Tens of thousands of demonstrators took to the streets of Tel Aviv on Saturday to demand that their government reach a deal to release two Israeli captives held in Gaza who have been shown as starving in Hamas footage.
The video showed that captives have been as badly affected by the blockade Israel imposed on Gaza in March as the rest of the population trapped there.
So far, at least 197 people have starved to death in Gaza, 96 of them children and global outrage about the famine Israel is imposing on Gaza has mounted.
However, a poll from the Israel Democracy Institute (PDF) found more than half of Jewish Israeli respondents were “not at all troubled” by the reports of Palestinians starving and suffering in Gaza.
Front pages of international newspapers previously accused of backing Israel’s war on Gaza have carried images showing the massive human cost of Israel’s actions.
Yet, in the past 24 hours, gangs of far-right Israeli agitators have blocked aid trucks from reaching a starving Gaza, in apparent defiance of global anger.
Formerly stalwart allies, such as Canada, France and the United Kingdom, have condemned Israel and its actions in Gaza, committing to recognising Palestinian statehood if some kind of resolution is not reached.

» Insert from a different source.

(* Let $\mathcal M\in\{\mathcal M_1,\mathcal M_2,\mathcal M_3,\mathcal M_4\}$ and $n\ge 2$. Then $m_{\mathrm{opt}}(n;\mathcal M)>1$, i.e. there is some $m\in\{2,\dots,n\}$ with $F(m;n)<F(1;n)$.
   Context: Let $n\ge 1$, let $\mathbf X=\{X_1,\dots,X_n\}$ with the uniform probability measure. For $1\le m\le n$ let $\mathcal X_m$ be the set of finite sequences $\chi=(\chi_1,\dots,\chi_\ell)$ of elements of $\mathbf X$ such that $\{\chi_1,\dots,\chi_\ell\}$ has exactly $m$ elements and $\chi_\ell\ne\chi_i$ for all $i<\ell$; write $\ell=\ell(\chi)$, give $\chi$ weight $n^{-\ell(\chi)}$ (this is a probability measure on $\mathcal X_m$), and for $f:\mathcal X_m\to\mathbb R$ write $E_m[f]=\sum_{\chi\in\mathcal X_m}f(\chi)n^{-\ell(\chi)}$. For $\chi\in\mathcal X_m$ and $0\le j\le m$ let $t_j(\chi)$ be the least $t\ge0$ with $|\{\chi_1,\dots,\chi_t\}|=j$ (so $t_0=0$), and for $1\le j\le m-1$ let $\tau_j(\chi)=t_{j+1}(\chi)-t_j(\chi)-1$. Put $b(j)=(1+\frac1j)\log_2(j+1)-1$ ($j\ge1$), $b_f(j)=\log_2(j+1)$ ($j\ge0$), $s(j)=\frac{j+1}2$. The four models specify functions $s_{\mathcal L}(k)$ (cost of a search for an object on the sorted list when the list has $k$ objects), $s_{\mathcal P}(j)$ (cost of a search for an object in the pile when the pile has $j$ objects) and the cleanup cost $C_m$: $\mathcal M_1$: $s_{\mathcal L}(k)=b(k)$, $s_{\mathcal P}(j)=b_f(n-j)+s(j)$, $C_m=\sum_{j=1}^m b_f(n-j)$; $\mathcal M_2$: $s_{\mathcal L}(k)=b(n)$, $s_{\mathcal P}(j)=b_f(n)+s(j)$, $C_m=m\,b(n)$; $\mathcal M_3$: $s_{\mathcal L}(k)=b(k)$, $s_{\mathcal P}(j)=s(j)$, $C_m=\sum_{j=1}^m b_f(n-j)$; $\mathcal M_4$: $s_{\mathcal L}(k)=b(n)$, $s_{\mathcal P}(j)=s(j)$, $C_m=m\,b(n)$. The average total cost is $F(m;n)=E_m[1/\ell]\Big(\sum_{j=0}^{m-1}s_{\mathcal L}(n-j)+C_m\Big)+\sum_{j=1}^{m-1}E_m[\tau_j/\ell]\,s_{\mathcal P}(j)$, and $m_{\mathrm{opt}}(n;\mathcal M)$ is the smallest $m\in\{1,\dots,n\}$ minimizing $F(m;n)$. *)

From Stdlib Require Import Reals Lra List Arith.
Import ListNotations.
Open Scope R_scope.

I guess Israeli settlers are stopping and destroying aid meant for starving Palestinians, so that Israel-first politicians in the West can accuse Hamas of stealing the aid… pic.twitter.com/6ECMP23g8r
— Trita Parsi (@tparsi) August 6, 2025
Domestically, two of Israel’s leading NGOs – B’Tselem and Physicians for Human Rights, Israel – have labelled Israel’s war on Gaza a genocide, and protests against the war have grown.
But a week ago, hundreds of demonstrators led by wounded soldiers and the families of some of the captives marched on the Knesset, Israel’s parliament, in Jerusalem, demanding that the war on Gaza be continued.
Widespread awareness of the extent of the humanitarian crisis in Gaza, and their government’s role in inflicting it, has yet to dawn upon the bulk of Israeli society, Orly Noy, journalist and editor of the Israeli Hebrew-language magazine Local Call, told Al Jazeera.
This is particularly the case because Gaza’s suffering has not been featured in mainstream media.
“I avoid Israeli TV,” Noy told Al Jazeera. “However, I was round at my mother’s yesterday, and they were covering the story of the video of the two captives.
“So, for once, starvation and famine in Gaza was finally on Israeli news,” she said, adding that, instead of denying that starvation existed in Gaza, the wider Israeli public was being told that the only two people starving there were the captives in the Hamas film.
For months now, the mainstream media narrative in Israel has been that the widespread hunger documented by numerous aid agencies is “a Hamas-orchestrated starvation campaign”.
This perception runs deeper than the framing by Israel’s nationalistic television channels, political analyst and former government adviser Daniel Levy told Al Jazeera.